▸ **WHAT YOU ARE ASKED TO DO**: Scan the records for the word "forall". Return each line where it is found.

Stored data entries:
▬▬▬▬▬▬

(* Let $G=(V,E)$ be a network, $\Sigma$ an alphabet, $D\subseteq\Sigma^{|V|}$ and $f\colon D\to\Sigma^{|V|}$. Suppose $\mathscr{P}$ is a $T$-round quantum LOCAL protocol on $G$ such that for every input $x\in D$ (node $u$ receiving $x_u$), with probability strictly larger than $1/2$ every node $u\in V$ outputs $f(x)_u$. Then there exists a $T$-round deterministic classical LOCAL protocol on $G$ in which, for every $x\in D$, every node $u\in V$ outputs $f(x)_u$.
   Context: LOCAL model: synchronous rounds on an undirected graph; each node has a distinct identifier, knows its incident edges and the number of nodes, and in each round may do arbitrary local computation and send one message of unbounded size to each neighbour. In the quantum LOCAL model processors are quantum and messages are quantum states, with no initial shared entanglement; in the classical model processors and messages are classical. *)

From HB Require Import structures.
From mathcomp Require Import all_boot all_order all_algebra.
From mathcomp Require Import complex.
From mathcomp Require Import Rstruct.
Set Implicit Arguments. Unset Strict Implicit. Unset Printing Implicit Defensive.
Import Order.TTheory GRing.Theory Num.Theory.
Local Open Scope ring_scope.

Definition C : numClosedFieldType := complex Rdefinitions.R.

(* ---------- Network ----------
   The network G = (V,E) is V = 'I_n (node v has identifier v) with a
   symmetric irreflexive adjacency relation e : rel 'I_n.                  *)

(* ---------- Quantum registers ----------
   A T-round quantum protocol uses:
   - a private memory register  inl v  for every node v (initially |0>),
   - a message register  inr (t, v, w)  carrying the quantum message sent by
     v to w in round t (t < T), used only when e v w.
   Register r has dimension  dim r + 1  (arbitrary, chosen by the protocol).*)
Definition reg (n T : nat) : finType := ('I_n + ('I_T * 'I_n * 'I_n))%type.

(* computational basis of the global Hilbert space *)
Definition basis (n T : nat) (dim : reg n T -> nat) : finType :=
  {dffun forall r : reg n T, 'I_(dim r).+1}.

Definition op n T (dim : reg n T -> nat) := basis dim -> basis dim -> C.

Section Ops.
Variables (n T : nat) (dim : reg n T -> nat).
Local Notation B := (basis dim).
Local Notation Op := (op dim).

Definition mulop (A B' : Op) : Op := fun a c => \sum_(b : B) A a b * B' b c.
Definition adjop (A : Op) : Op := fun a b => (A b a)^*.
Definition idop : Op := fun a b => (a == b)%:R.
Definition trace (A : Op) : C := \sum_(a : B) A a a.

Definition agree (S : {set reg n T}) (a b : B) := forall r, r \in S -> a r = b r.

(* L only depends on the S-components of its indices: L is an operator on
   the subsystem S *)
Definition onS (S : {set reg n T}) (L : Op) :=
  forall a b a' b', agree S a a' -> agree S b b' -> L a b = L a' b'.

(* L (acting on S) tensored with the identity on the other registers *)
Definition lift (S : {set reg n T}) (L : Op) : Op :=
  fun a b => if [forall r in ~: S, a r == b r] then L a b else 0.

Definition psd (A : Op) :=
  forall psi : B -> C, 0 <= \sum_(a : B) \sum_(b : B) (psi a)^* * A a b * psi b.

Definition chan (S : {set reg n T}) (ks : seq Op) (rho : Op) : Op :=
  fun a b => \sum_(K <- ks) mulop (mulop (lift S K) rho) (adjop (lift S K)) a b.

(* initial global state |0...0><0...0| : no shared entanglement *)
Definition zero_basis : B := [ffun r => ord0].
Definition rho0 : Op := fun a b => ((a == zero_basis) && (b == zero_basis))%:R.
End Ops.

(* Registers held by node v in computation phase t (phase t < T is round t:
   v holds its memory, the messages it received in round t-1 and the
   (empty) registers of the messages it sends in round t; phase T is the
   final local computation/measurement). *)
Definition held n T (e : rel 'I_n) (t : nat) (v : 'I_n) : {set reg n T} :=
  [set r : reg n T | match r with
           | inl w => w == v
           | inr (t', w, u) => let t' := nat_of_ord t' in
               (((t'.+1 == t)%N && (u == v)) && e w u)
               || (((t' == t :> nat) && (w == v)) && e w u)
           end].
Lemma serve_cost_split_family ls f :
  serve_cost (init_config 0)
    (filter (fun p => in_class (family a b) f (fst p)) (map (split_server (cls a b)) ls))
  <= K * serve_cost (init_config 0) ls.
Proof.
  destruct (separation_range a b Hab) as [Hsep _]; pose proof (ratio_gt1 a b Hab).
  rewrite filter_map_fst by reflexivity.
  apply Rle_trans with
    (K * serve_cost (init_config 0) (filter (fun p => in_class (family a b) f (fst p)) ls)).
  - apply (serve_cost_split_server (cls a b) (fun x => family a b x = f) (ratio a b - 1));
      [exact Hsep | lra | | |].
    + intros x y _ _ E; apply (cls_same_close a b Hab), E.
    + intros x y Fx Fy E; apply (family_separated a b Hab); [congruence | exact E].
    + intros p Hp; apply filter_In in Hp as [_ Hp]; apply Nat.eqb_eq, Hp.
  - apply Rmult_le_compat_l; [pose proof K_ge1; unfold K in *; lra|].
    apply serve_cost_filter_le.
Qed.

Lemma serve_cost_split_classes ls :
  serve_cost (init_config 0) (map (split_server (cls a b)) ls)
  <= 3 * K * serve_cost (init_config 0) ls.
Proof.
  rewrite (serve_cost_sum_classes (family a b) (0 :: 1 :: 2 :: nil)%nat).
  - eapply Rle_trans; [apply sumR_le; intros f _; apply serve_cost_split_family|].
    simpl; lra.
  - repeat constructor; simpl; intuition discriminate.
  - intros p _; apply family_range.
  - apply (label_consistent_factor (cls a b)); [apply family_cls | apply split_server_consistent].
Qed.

▬▬▬▬▬▬

▸ **TASK SOLUTION**:
  {dffun forall r : reg n T, 'I_(dim r).+1}.
Definition agree (S : {set reg n T}) (a b : B) := forall r, r \in S -> a r = b r.
  forall a b a' b', agree S a a' -> agree S b b' -> L a b = L a' b'.
  fun a b => if [forall r in ~: S, a r == b r] then L a b else 0.
  forall psi : B -> C, 0 <= \sum_(a : B) \sum_(b : B) (psi a)^* * A a b * psi b.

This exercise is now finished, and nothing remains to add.